**The task:** Your answer must consist of exactly the lines below, starting with the line with "Definition uline (X" and going on through the line with "uline X *~ c X)%R.", and nothing else.

**Extracted records:**

########

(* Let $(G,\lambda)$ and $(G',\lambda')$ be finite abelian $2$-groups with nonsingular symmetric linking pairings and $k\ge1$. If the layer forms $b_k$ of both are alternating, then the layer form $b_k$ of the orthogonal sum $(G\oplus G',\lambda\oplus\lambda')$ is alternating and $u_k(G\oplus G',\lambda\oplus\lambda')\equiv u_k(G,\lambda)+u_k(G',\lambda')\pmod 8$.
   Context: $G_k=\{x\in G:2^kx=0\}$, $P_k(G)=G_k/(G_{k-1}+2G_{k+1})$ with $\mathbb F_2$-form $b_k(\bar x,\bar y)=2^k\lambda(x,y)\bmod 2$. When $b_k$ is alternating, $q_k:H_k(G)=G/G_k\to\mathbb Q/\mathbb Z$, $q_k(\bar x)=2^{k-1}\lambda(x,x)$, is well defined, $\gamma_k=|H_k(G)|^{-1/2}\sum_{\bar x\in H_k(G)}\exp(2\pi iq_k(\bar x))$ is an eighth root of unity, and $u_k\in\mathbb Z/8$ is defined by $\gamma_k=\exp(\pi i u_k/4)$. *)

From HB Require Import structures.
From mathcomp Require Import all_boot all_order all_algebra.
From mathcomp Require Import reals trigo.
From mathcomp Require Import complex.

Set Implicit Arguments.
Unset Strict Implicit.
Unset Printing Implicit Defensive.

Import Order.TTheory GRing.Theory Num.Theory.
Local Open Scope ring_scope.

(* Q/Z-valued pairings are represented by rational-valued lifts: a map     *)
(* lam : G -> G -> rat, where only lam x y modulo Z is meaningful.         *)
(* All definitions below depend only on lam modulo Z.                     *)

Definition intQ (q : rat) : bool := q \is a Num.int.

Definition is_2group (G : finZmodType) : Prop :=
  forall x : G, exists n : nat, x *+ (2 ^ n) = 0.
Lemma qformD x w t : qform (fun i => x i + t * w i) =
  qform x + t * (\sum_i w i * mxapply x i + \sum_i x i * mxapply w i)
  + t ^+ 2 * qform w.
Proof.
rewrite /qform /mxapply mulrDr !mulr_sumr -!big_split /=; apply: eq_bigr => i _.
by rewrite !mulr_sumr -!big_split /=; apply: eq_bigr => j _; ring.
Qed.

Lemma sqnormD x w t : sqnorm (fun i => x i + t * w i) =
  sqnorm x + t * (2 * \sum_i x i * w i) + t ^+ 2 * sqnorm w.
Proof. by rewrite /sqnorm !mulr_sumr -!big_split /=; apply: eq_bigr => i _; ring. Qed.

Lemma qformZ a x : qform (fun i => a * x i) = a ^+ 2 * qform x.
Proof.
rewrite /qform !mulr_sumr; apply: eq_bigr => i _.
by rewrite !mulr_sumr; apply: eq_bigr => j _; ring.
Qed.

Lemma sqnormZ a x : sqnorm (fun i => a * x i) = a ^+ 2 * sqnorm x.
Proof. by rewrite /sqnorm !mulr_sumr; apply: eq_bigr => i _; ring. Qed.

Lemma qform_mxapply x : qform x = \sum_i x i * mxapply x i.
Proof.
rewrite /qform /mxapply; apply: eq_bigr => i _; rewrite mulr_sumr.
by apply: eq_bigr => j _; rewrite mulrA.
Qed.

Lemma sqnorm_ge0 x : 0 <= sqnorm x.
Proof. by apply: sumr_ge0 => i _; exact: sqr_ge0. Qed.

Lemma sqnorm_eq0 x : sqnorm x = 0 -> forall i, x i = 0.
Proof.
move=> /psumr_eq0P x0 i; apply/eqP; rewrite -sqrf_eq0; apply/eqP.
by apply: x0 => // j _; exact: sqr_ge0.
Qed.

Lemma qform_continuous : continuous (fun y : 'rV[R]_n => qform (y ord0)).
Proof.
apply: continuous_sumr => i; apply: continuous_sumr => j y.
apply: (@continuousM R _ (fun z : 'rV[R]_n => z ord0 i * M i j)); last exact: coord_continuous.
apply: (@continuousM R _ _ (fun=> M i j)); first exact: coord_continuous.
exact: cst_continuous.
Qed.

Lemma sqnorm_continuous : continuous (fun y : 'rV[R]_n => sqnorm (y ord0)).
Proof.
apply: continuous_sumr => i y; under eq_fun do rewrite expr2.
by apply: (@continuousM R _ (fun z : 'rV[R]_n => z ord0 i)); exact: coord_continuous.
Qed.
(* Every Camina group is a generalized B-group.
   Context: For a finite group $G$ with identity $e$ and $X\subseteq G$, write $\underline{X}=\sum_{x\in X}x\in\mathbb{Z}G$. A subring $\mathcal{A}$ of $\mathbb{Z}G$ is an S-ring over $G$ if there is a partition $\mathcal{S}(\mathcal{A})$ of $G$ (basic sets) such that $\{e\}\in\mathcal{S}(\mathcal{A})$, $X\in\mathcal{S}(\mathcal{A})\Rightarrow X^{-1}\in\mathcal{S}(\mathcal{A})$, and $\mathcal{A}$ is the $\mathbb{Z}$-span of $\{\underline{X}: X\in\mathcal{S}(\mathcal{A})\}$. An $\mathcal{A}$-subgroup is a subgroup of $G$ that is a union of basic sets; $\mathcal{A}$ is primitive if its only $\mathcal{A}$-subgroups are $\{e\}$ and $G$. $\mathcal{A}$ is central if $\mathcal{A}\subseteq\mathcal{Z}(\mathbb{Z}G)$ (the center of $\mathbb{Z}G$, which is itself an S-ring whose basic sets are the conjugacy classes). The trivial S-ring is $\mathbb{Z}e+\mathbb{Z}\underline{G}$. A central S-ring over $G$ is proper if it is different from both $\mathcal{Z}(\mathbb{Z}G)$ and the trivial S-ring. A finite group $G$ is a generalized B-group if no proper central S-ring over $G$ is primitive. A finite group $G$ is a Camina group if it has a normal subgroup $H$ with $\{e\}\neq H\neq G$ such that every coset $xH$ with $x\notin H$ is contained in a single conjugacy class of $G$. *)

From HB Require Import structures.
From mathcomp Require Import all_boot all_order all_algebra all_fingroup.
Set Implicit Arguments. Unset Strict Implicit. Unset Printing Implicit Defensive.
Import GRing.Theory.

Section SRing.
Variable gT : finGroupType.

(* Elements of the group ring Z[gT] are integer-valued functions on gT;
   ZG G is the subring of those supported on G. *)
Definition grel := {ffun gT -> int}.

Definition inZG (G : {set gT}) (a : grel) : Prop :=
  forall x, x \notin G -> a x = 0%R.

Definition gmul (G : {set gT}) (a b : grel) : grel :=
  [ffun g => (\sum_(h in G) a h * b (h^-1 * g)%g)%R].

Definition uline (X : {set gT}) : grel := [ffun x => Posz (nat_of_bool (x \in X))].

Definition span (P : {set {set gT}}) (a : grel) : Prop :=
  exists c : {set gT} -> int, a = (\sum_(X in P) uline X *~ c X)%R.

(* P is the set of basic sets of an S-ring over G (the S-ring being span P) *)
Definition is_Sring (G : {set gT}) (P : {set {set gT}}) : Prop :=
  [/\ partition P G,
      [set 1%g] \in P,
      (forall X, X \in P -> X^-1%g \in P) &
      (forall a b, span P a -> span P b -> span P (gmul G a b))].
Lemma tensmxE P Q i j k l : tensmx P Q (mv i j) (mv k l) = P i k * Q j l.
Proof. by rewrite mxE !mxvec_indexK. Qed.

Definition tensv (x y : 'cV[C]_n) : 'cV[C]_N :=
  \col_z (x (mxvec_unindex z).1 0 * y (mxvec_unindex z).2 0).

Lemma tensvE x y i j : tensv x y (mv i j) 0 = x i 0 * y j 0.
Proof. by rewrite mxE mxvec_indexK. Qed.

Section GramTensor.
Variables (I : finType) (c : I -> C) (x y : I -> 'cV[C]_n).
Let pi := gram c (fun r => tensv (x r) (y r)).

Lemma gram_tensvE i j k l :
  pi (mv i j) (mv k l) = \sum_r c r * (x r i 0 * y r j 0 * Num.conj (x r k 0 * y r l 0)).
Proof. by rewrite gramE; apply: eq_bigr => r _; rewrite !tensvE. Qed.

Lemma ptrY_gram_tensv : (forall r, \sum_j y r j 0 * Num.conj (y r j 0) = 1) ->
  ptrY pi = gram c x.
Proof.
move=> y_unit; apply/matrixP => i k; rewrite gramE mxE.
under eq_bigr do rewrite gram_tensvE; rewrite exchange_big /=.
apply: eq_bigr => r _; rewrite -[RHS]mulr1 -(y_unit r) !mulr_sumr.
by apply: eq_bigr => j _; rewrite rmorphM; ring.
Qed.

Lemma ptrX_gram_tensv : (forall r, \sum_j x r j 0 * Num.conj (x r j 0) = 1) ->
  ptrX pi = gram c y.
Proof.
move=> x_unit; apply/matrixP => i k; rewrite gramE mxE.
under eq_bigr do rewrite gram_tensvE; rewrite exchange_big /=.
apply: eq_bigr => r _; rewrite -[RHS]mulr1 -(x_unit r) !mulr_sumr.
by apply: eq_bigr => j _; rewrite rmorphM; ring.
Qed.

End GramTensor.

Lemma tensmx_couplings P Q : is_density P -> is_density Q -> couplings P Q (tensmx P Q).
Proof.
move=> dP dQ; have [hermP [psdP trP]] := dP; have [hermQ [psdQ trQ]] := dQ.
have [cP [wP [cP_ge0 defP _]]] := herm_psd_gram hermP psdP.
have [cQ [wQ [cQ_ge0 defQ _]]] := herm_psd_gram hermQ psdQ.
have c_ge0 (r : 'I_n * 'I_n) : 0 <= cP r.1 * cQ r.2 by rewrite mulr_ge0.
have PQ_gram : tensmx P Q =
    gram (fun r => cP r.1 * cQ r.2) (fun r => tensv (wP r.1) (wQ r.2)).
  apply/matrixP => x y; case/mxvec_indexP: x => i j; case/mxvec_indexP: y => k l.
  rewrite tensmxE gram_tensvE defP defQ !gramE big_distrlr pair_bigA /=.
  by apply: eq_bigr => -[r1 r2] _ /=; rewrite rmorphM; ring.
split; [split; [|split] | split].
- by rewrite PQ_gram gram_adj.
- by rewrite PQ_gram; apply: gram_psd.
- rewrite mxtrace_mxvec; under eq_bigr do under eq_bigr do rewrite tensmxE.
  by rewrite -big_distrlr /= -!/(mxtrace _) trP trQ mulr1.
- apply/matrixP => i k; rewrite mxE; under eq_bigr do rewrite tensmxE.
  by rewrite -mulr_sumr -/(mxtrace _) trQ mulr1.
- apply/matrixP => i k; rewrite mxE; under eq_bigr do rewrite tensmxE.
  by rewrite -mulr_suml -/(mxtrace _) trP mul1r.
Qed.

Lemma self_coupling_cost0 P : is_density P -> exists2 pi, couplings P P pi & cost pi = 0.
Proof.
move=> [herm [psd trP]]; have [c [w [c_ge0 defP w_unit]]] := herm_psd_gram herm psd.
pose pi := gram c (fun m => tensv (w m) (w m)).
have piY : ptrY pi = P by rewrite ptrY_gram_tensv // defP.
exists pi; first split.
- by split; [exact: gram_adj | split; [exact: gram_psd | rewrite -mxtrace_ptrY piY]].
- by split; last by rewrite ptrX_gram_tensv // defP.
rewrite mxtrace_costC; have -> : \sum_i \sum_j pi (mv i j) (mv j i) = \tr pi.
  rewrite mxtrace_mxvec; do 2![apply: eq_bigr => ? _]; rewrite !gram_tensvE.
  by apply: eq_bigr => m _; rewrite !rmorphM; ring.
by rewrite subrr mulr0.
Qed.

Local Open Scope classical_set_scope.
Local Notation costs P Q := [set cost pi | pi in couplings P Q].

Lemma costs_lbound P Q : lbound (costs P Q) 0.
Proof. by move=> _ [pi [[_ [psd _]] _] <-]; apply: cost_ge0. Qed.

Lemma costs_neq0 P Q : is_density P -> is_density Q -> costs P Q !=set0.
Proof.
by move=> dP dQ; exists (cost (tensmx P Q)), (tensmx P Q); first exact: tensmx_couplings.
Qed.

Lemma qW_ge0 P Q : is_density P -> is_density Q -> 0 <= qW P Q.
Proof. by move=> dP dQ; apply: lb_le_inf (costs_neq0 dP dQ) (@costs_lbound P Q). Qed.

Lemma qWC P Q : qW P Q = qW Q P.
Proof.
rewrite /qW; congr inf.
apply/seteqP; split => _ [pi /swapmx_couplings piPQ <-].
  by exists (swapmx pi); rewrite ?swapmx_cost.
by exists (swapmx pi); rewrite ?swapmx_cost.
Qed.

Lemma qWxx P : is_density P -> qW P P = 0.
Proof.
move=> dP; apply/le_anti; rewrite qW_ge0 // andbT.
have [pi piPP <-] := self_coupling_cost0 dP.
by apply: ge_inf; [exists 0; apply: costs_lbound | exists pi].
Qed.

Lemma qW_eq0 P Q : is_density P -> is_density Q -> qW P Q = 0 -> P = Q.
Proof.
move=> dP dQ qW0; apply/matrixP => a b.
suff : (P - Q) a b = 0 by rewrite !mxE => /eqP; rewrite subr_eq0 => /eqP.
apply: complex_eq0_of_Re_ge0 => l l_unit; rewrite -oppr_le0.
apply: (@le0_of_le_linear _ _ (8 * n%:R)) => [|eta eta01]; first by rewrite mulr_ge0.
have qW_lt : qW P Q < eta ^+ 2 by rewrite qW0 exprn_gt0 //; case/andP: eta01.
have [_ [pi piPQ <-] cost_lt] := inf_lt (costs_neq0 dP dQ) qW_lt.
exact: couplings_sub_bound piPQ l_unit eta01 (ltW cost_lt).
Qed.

########

**Response area:**
Definition uline (X : {set gT}) : grel := [ffun x => Posz (nat_of_bool (x \in X))].

Definition span (P : {set {set gT}}) (a : grel) : Prop :=
  exists c : {set gT} -> int, a = (\sum_(X in P) uline X *~ c X)%R.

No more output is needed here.